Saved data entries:

****************************************

(* Let $\Gamma$ be a weighted digraph with Kirchhoff matrix $L$, out-forest dimension $d$, and normalized matrix of maximum out-forests $\bar J$. Then $\operatorname{rank}\bar J=d$, $\bar J^2=\bar J$, and $L\bar J=\bar J L=0$.
   Context: A weighted digraph $\Gamma$ has vertex set $\{1,\dots,n\}$, no loops, and each arc $j\to i$ ($j\ne i$) has a positive weight $a_{ij}$; $a_{ij}=0$ if there is no such arc. Its Kirchhoff matrix $L=[\ell_{ij}]$ has $\ell_{ij}=-a_{ij}$ for $j\ne i$ and $\ell_{ii}=\sum_{k\ne i}a_{ik}$. A diverging tree is a rooted directed tree with directed paths from its root to all its other vertices; an out-forest of $\Gamma$ is a spanning subgraph whose weak components are diverging trees; a maximum out-forest is an out-forest with the maximum number of arcs; the out-forest dimension $d$ is the number of trees in a maximum out-forest. The weight of a subgraph is the product of the weights of its arcs. The normalized matrix of maximum out-forests $\bar J=[\bar J_{ij}]$ is defined by: $\bar J_{ij}$ equals the total weight of those maximum out-forests of $\Gamma$ in which vertex $i$ belongs to the tree whose root is $j$, divided by the total weight of all maximum out-forests of $\Gamma$. *)

From HB Require Import structures.
From mathcomp Require Import all_boot all_order all_algebra.
Set Implicit Arguments. Unset Strict Implicit. Unset Printing Implicit Defensive.
Import Order.TTheory GRing.Theory Num.Theory.
Local Open Scope ring_scope.

Section Digraph.
Variables (R : realFieldType) (n : nat) (a : 'M[R]_n).

(* A weighted digraph on 'I_n: arc j -> i (j != i) iff a i j <> 0 (weights
   are assumed positive on arcs, i.e. nonnegative off the diagonal).
   An arc j -> i is represented by the pair (j, i). *)
Definition arcs : {set 'I_n * 'I_n} :=
  [set e | (e.1 != e.2) && (a e.2 e.1 != 0)].

Definition kirchhoff : 'M[R]_n :=
  \matrix_(i, j) if i == j then \sum_(k | k != i) a i k else - a i j.

Definition frel_of (F : {set 'I_n * 'I_n}) : rel 'I_n :=
  fun x y => (x, y) \in F.

(* F is an out-forest: a spanning subgraph of the digraph whose weak
   components are diverging trees; equivalently every vertex has in-degree
   at most one in F and F has no directed cycle. *)
Definition out_forest (F : {set 'I_n * 'I_n}) : bool :=
  [&& F \subset arcs,
      [forall i : 'I_n, #|[set e in F | e.2 == i]| <= 1]%N &
      [forall e in F, ~~ connect (frel_of F) e.2 e.1]].

Definition roots_of (F : {set 'I_n * 'I_n}) : {set 'I_n} :=
  [set v | [forall e in F, e.2 != v]].

Definition in_tree_of (F : {set 'I_n * 'I_n}) (i j : 'I_n) : bool :=
  (j \in roots_of F) && connect (frel_of F) j i.

Definition max_out_forest (F : {set 'I_n * 'I_n}) : bool :=
  out_forest F &&
  [forall F' : {set 'I_n * 'I_n}, out_forest F' ==> (#|F'| <= #|F|)%N].

Definition weight (F : {set 'I_n * 'I_n}) : R := \prod_(e in F) a e.2 e.1.

Definition Jbar : 'M[R]_n :=
  \matrix_(i, j)
    ((\sum_(F : {set 'I_n * 'I_n} | max_out_forest F && in_tree_of F i j) weight F)
     / (\sum_(F : {set 'I_n * 'I_n} | max_out_forest F) weight F)).

End Digraph.

From HB Require Import structures.
From mathcomp Require Import all_boot all_order all_algebra.
Import Order.TTheory GRing.Theory Num.Theory.
Set Implicit Arguments. Unset Strict Implicit. Unset Printing Implicit Defensive.

(* Write sigma for the total weight of the maximum out-forests and W i j for the
   weight of those in which i lies in the tree rooted at j, so that
   Jbar = W / sigma; the rows of Jbar sum to 1 and those of L to 0.  Replacing
   the arc entering a vertex of a maximum out-forest by another arc of the
   digraph (regrafting), or turning a tree around so that it is rooted at a
   predecessor of its root (rerooting), yields again maximum out-forests.  These
   exchanges are weight-preserving injections, which give (L W) i j <= 0 and
   (W L) i j >= 0; together with the row sums this forces L Jbar = Jbar L = 0.
   By a maximum principle, a vector killed by L that vanishes on the roots of a
   maximum out-forest is zero; applied to the columns of Jbar^2 - Jbar this
   gives idempotence.  Finally the rank of an idempotent matrix is its trace,
   here the number of roots. *)

Lemma setU1D1_inj (T : finType) (A B : {set T}) e e' :
  e \in A -> e \in B -> e' \notin A :\ e -> e' \notin B :\ e ->
  e' |: (A :\ e) = e' |: (B :\ e) -> A = B.
Proof.
move=> eA eB e'A e'B /(congr1 (fun X => X :\ e')).
by rewrite !setU1K // => /(congr1 (fun X => e |: X)); rewrite !setD1K.
Qed.

Section Forest.
Variable n : nat.
Implicit Types (F G : {set 'I_n * 'I_n}) (x y z u v p j k : 'I_n).
Local Notation reach F := (connect (frel_of F)).

Lemma reach_ind F (P : 'I_n -> Prop) x :
  P x -> (forall y z, reach F x y -> (y, z) \in F -> P y -> P z) ->
  forall y, reach F x y -> P y.
Proof.
move=> Px step y /connectP [q pq ->] {y}.
elim/last_ind: q pq => //= q z IH; rewrite rcons_path last_rcons => /andP [pq yz].
apply: step yz (IH pq); apply/connectP; exists q => //.
Qed.

Lemma reach_rcons F x y z : reach F x y -> (y, z) \in F -> reach F x z.
Proof. by move=> rxy yz; apply: connect_trans rxy (connect1 _). Qed.

Lemma reach_subset F G x y : F \subset G -> reach F x y -> reach G x y.
Proof. by move=> sFG; apply: connect_sub => u v uv; apply/connect1/(subsetP sFG). Qed.

Lemma reach_pred F x y : reach F x y -> x != y ->
  exists2 p, (p, y) \in F & reach F x p.
Proof.
by move: y; apply: reach_ind => [|y z rxy yz _ _]; [rewrite eqxx | exists y].
Qed.

Definition in_deg_le1 F := forall x y z, (x, z) \in F -> (y, z) \in F -> x = y.
Definition acyclic F := forall x y, (x, y) \in F -> ~~ reach F y x.

Lemma rootsP F v : reflect (forall u, (u, v) \notin F) (v \in roots_of F).
Proof.
rewrite inE; apply: (iffP forall_inP) => [rv u | rv [x y] xy].
  by apply/negP => /rv /=; rewrite eqxx.
by apply: contraNneq (rv x) => /= <-.
Qed.

Lemma reach_root F x j : j \in roots_of F -> reach F x j -> x = j.
Proof.
move=> /rootsP rj rxj; apply/eqP/negPn/negP => /(reach_pred rxj) [p pj _].
by move: (rj p); rewrite pj.
Qed.
(* Let $E$ be a Banach $f$-algebra with order continuous norm and with a weak order unit $e$, and let $(x_\alpha)_{\alpha\in A}$ be a decreasing net in $E_+$. Then $x_\alpha\xrightarrow{mw}0$ if and only if $x_\alpha e\to0$ weakly.
   Context: All vector lattices are real and Archimedean. An $f$-algebra is a vector lattice with an associative multiplication making it an algebra, such that products of positive elements are positive and $x\wedge y=0$ implies $(xz)\wedge y=(zx)\wedge y=0$ for all $z\ge0$. A Banach $f$-algebra is an $f$-algebra which is a Banach lattice with $\|xy\|\le\|x\|\|y\|$. A net $(x_\alpha)$ in $E$ $mw$-converges to $x$ ($x_\alpha\xrightarrow{mw}x$) if $|x_\alpha-x|u\to0$ weakly for every $u\in E_+$. A weak order unit is an element $e>0$ whose generated band is all of $E$. *)

From HB Require Import structures.
From mathcomp Require Import all_boot all_order all_algebra.
From mathcomp Require Import all_classical all_reals all_analysis.
Set Implicit Arguments. Unset Strict Implicit. Unset Printing Implicit Defensive.
Import Order.TTheory GRing.Theory Num.Theory.
Import numFieldNormedType.Exports.
Local Open Scope ring_scope.
Local Open Scope classical_set_scope.

Section Defs.
Variables (R : realType) (E : completeNormedModType R).
Variables (le : E -> E -> Prop) (join : E -> E -> E) (mul : E -> E -> E).

Definition meet (x y : E) : E := - join (- x) (- y).
Definition labs (x : E) : E := join x (- x).

Definition is_vector_lattice : Prop :=
  [/\ (forall x, le x x) /\
      (forall x y, le x y -> le y x -> x = y) /\
      (forall x y z, le x y -> le y z -> le x z),
      (forall x y z, le x y -> le (x + z) (y + z)),
      (forall (a : R) x y, 0 <= a -> le x y -> le (a *: x) (a *: y)) &
      (forall x y z, [/\ le x (join x y), le y (join x y)
                     & (le x z -> le y z -> le (join x y) z)])].

Definition is_archimedean : Prop :=
  forall x y : E, le 0 x -> (forall n : nat, le (n%:R *: x) y) -> x = 0.
(* Let $0<q<1$. Then \[ q^{2}(1+q)^{2}(1+q^{2})+q^{6}+(1+q^{2})\sum_{n=1}^{\infty}\frac{(1/2|q^{2})_{n}^{2}}{[n+1]_{q^{2}}!\,[n+2]_{q^{2}}!}\,q^{6n+6}=\frac{(1+q)^{6}(1+q^{2})^{2}}{\pi_{q}(1+q+q^{2})^{2}}\,q^{9/4}. \]
   Context: Let $0<q<1$ and write $q^{x}=e^{x\log q}$. $[z]_{q^2}=\frac{1-q^{2z}}{1-q^2}$; $[0]_{q^2}!=1$, $[n]_{q^2}!=\prod_{k=1}^n[k]_{q^2}$; $(1/2|q^2)_n=\prod_{k=0}^{n-1}[1/2+k]_{q^2}$. With $(z;q)_\infty=\prod_{k\ge0}(1-zq^k)$, $\pi_q=(1-q^2)q^{1/4}\frac{(q^2;q^2)_\infty^2}{(q;q^2)_\infty^2}$. *)

From Stdlib Require Import Reals.
Open Scope R_scope.

Definition qpow (q x : R) : R := exp (x * ln q).

Definition qnum (q z : R) : R := (1 - qpow q (2 * z)) / (1 - q ^ 2).

Fixpoint qfact (q : R) (n : nat) : R :=
  match n with
  | O => 1
  | S m => qfact q m * qnum q (INR (S m))
  end.

(* (1/2|q^2)_n = prod_{k=0}^{n-1} [1/2 + k]_{q^2} *)
Fixpoint qhalf (q : R) (n : nat) : R :=
  match n with
  | O => 1
  | S m => qhalf q m * qnum q (1 / 2 + INR m)
  end.

Fixpoint qpoch_partial (z b : R) (N : nat) : R :=
  match N with
  | O => 1
  | S m => qpoch_partial z b m * (1 - z * b ^ m)
  end.

Definition qpoch_inf_is (z b L : R) : Prop :=
  Un_cv (fun N => qpoch_partial z b N) L.

(* pi_q = (1-q^2) q^{1/4} (q^2;q^2)_inf^2 / (q;q^2)_inf^2, given the values A, B *)
Definition pi_q_of (q A B : R) : R :=
  (1 - q ^ 2) * qpow q (1 / 4) * (A ^ 2) / (B ^ 2).

Definition summand (q : R) (n : nat) : R :=
  (qhalf q n) ^ 2 / (qfact q (n + 1) * qfact q (n + 2)) * q ^ (6 * n + 6).

(* With base p = q^2 one has [n]_{q^2}! = (q^2; q^2)_n / (1 - q^2)^n and
   (1/2|q^2)_n = (q; q^2)_n / (1 - q^2)^n, so the left-hand side is
   q^2 (1 + q)^2 (1 + q^2) times the whole basic hypergeometric series
   G(c) = 2phi1(a, b; c; p, c/(ab)) with a = b = 1/q and c = q^4.  The q-Gauss formula
   G(c) = (c/a; p)_oo (c/b; p)_oo / ((c; p)_oo (c/(ab); p)_oo) evaluates it, and the
   products (q^4; q^2)_oo, (q^5; q^2)_oo, (q^6; q^2)_oo reduce to (q^2; q^2)_oo and
   (q; q^2)_oo.  The q-Gauss formula itself follows from the contiguity relation
   G(c) = (1 - c/a)(1 - c/b) / ((1 - c)(1 - c/(ab))) G(cp), whose termwise difference
   telescopes; iterate it N times and let N -> oo, where G(c p^N) -> 1. *)

From Stdlib Require Import Reals Lra Lia.
From Coquelicot Require Import Coquelicot.
Open Scope R_scope.

Lemma exp_le_compat x y : x <= y -> exp x <= exp y.
Proof. intros [h|<-]; [left; apply exp_increasing | right]; auto. Qed.

Lemma exp_neg_le_one_sub x m : 0 <= x <= m -> m < 1 -> exp (- (x / (1 - m))) <= 1 - x.
Proof.
  intros hx hm.
  assert (hxm : x <= x / (1 - m) * (1 - x)).
  { apply (Rmult_le_reg_r (1 - m)); [lra|].
    replace (x / (1 - m) * (1 - x) * (1 - m)) with (x * (1 - x)) by (field; lra).
    nra. }
  assert (0 <= x / (1 - m)) by (apply Rdiv_le_0_compat; lra).
  pose proof (exp_ineq1_le (x / (1 - m))).
  pose proof (exp_pos (x / (1 - m))).
  rewrite exp_Ropp. apply (Rmult_le_reg_r (exp (x / (1 - m)))); auto.
  rewrite Rinv_l by lra. nra.
Qed.

Lemma is_series_succ (u : nat -> R) (l : R) :
  is_series u l -> is_series (fun n => u (S n)) (l - u 0%nat).
Proof.
  intros h. apply is_series_incr_1.
  change (plus (l - u 0%nat) (u 0%nat)) with (l - u 0%nat + u 0%nat).
  replace (l - u 0%nat + u 0%nat) with l by ring. exact h.
Qed.

Lemma qpoch_partial_shift y p n :
  qpoch_partial y p (S n) = (1 - y) * qpoch_partial (y * p) p n.
Proof.
  induction n as [|n IH]; [simpl; ring|].
  change (qpoch_partial y p (S (S n))) with (qpoch_partial y p (S n) * (1 - y * p ^ S n)).
  rewrite IH. simpl. ring.
Qed.

Section PartialPochhammer.

Variable p : R.
Hypothesis hp : 0 <= p < 1.

Lemma pow_base_bounds n : 0 <= p ^ n <= 1.
Proof.
  split; [apply pow_le; lra|].
  rewrite <- (pow1 n). apply pow_incr. lra.
Qed.

Lemma qpoch_partial_ge_exp y m n : 0 <= y <= m -> m < 1 ->
  exp (- (y / ((1 - m) * (1 - p)))) <= qpoch_partial y p n.
Proof.
  revert y. induction n as [|n IH]; intros y hy hm.
  - simpl. apply Rle_trans with (exp 0); [apply exp_le_compat | rewrite exp_0; lra].
    assert (0 <= y / ((1 - m) * (1 - p))) by (apply Rdiv_le_0_compat; nra). lra.
  - rewrite qpoch_partial_shift.
    (* the factor (1 - y) contributes y/(1-m), the tail (yp; p)_n the rest *)
    replace (- (y / ((1 - m) * (1 - p)))) with
      (- (y / (1 - m)) + - (y * p / ((1 - m) * (1 - p)))) by (field; lra).
    rewrite exp_plus.
    apply Rmult_le_compat; try (left; apply exp_pos).
    + apply exp_neg_le_one_sub; lra.
    + apply IH; nra.
Qed.

Lemma qpoch_partial_pos y n : 0 <= y < 1 -> 0 < qpoch_partial y p n.
Proof.
  intros hy. eapply Rlt_le_trans; [apply exp_pos|].
  apply (qpoch_partial_ge_exp y y); lra.
Qed.

Lemma Rabs_qpoch_partial_le y n : Rabs (qpoch_partial y p n) <= exp (Rabs y / (1 - p)).
Proof.
  revert y. induction n as [|n IH]; intros y.
  - simpl. rewrite Rabs_R1. apply Rle_trans with (exp 0); [rewrite exp_0; lra | apply exp_le_compat].
    apply Rdiv_le_0_compat; [apply Rabs_pos | lra].
  - rewrite qpoch_partial_shift, Rabs_mult.
    replace (Rabs y / (1 - p)) with (Rabs y + Rabs (y * p) / (1 - p))
      by (rewrite Rabs_mult, (Rabs_pos_eq p) by lra; field; lra).
    rewrite exp_plus.
    apply Rmult_le_compat; try apply Rabs_pos; auto.
    eapply Rle_trans; [|apply exp_ineq1_le].
    eapply Rle_trans; [apply Rabs_triang|]. rewrite Rabs_R1, Rabs_Ropp. lra.
Qed.

Lemma qpoch_partial_decreasing y n : 0 <= y < 1 ->
  qpoch_partial y p (S n) <= qpoch_partial y p n.
Proof.
  intros hy. simpl.
  pose proof (qpoch_partial_pos y n hy). pose proof (pow_base_bounds n).
  assert (0 <= y * p ^ n) by nra. nra.
Qed.

Lemma qpoch_partial_cvg y : 0 <= y < 1 ->
  exists L : R, is_lim_seq (qpoch_partial y p) L.
Proof.
  intros hy.
  destruct (ex_finite_lim_seq_decr (qpoch_partial y p) 0) as [L hL].
  - intros n. apply qpoch_partial_decreasing; auto.
  - intros n. left. apply qpoch_partial_pos; auto.
  - exists L. exact hL.
Qed.

Lemma qpoch_lim_pos y (L : R) : 0 <= y < 1 -> is_lim_seq (qpoch_partial y p) L -> 0 < L.
Proof.
  intros hy hL.
  set (e := exp (- (y / ((1 - y) * (1 - p))))).
  assert (hle : forall n, e <= qpoch_partial y p n)
    by (intros n; apply (qpoch_partial_ge_exp y y); lra).
  pose proof (is_lim_seq_le (fun _ => e) _ e L hle (is_lim_seq_const e) hL) as h.
  simpl in h. eapply Rlt_le_trans; [apply exp_pos | exact h].
Qed.

End PartialPochhammer.

Lemma is_lim_seq_qpoch_shift y p (L : R) : y <> 1 ->
  is_lim_seq (qpoch_partial y p) L -> is_lim_seq (qpoch_partial (y * p) p) (L / (1 - y)).
Proof.
  intros hy hL.
  apply (is_lim_seq_ext (fun n => qpoch_partial y p (S n) / (1 - y))).
  { intros n. rewrite qpoch_partial_shift. field. lra. }
  apply is_lim_seq_div'; [|apply is_lim_seq_const|lra].
  exact (proj1 (is_lim_seq_incr_1 _ _) hL).
Qed.

(* n-th term of 2phi1(a, b; c; p, c/(ab)) *)
Definition gauss_term (a b p c : R) (n : nat) : R :=
  qpoch_partial a p n * qpoch_partial b p n / (qpoch_partial p p n * qpoch_partial c p n)
  * (c / (a * b)) ^ n.

Section QGauss.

****************************************

WHAT YOU SHOULD DO: Scan the records above and show every line in which the word "replace" occurs.

RESULT:
    replace (x / (1 - m) * (1 - x) * (1 - m)) with (x * (1 - x)) by (field; lra).
  replace (l - u 0%nat + u 0%nat) with l by ring. exact h.
    replace (- (y / ((1 - m) * (1 - p)))) with
    replace (Rabs y / (1 - p)) with (Rabs y + Rabs (y * p) / (1 - p))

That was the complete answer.